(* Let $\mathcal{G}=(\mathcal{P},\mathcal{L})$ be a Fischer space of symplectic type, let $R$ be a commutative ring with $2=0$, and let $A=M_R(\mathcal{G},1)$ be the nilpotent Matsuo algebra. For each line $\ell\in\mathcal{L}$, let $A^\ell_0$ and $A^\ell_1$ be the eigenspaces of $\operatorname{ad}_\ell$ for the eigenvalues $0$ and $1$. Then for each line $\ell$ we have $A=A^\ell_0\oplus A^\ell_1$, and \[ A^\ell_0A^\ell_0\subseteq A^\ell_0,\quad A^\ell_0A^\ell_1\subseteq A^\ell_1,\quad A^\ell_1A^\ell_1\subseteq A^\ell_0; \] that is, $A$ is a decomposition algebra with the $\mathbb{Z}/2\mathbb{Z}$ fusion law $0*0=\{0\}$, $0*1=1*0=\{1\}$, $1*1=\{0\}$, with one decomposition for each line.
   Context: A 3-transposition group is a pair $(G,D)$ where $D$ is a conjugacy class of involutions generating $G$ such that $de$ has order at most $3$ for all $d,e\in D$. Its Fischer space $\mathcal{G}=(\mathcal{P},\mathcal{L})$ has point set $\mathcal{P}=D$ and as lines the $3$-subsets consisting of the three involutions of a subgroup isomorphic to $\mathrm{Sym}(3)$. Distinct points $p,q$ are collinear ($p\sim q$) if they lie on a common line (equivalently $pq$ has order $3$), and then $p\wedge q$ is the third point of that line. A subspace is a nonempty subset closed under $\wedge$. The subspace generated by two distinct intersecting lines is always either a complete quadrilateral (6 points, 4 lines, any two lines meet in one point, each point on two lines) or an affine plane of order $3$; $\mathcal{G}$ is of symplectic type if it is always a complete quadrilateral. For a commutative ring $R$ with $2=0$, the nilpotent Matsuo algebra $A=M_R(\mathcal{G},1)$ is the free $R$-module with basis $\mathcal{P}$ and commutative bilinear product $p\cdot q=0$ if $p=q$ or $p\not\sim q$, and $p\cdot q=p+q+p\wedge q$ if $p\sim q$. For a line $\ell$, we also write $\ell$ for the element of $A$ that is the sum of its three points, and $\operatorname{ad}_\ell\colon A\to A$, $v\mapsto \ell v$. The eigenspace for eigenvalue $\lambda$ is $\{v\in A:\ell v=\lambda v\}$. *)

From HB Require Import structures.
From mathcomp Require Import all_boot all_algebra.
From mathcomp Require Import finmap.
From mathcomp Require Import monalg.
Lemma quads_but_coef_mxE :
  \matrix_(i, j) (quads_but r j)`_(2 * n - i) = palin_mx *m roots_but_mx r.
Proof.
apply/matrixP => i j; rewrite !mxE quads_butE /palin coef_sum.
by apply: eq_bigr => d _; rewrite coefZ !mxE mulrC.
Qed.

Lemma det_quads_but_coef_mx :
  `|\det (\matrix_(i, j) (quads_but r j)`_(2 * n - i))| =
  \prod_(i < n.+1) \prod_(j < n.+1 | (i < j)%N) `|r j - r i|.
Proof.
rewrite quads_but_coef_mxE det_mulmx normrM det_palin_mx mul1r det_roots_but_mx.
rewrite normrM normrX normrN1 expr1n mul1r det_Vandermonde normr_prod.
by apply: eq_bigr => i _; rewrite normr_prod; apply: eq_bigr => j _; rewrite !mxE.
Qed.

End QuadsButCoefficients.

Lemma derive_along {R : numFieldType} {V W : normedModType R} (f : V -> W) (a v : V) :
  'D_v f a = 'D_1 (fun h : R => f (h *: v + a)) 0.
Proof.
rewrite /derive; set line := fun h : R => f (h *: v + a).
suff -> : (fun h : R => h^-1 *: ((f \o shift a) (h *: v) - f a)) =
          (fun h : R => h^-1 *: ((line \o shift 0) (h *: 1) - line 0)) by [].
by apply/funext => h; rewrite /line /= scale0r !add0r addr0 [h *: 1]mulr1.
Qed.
========================================================================
Report the number of lines above holding "mathcomp", and only that.

Final answer - 3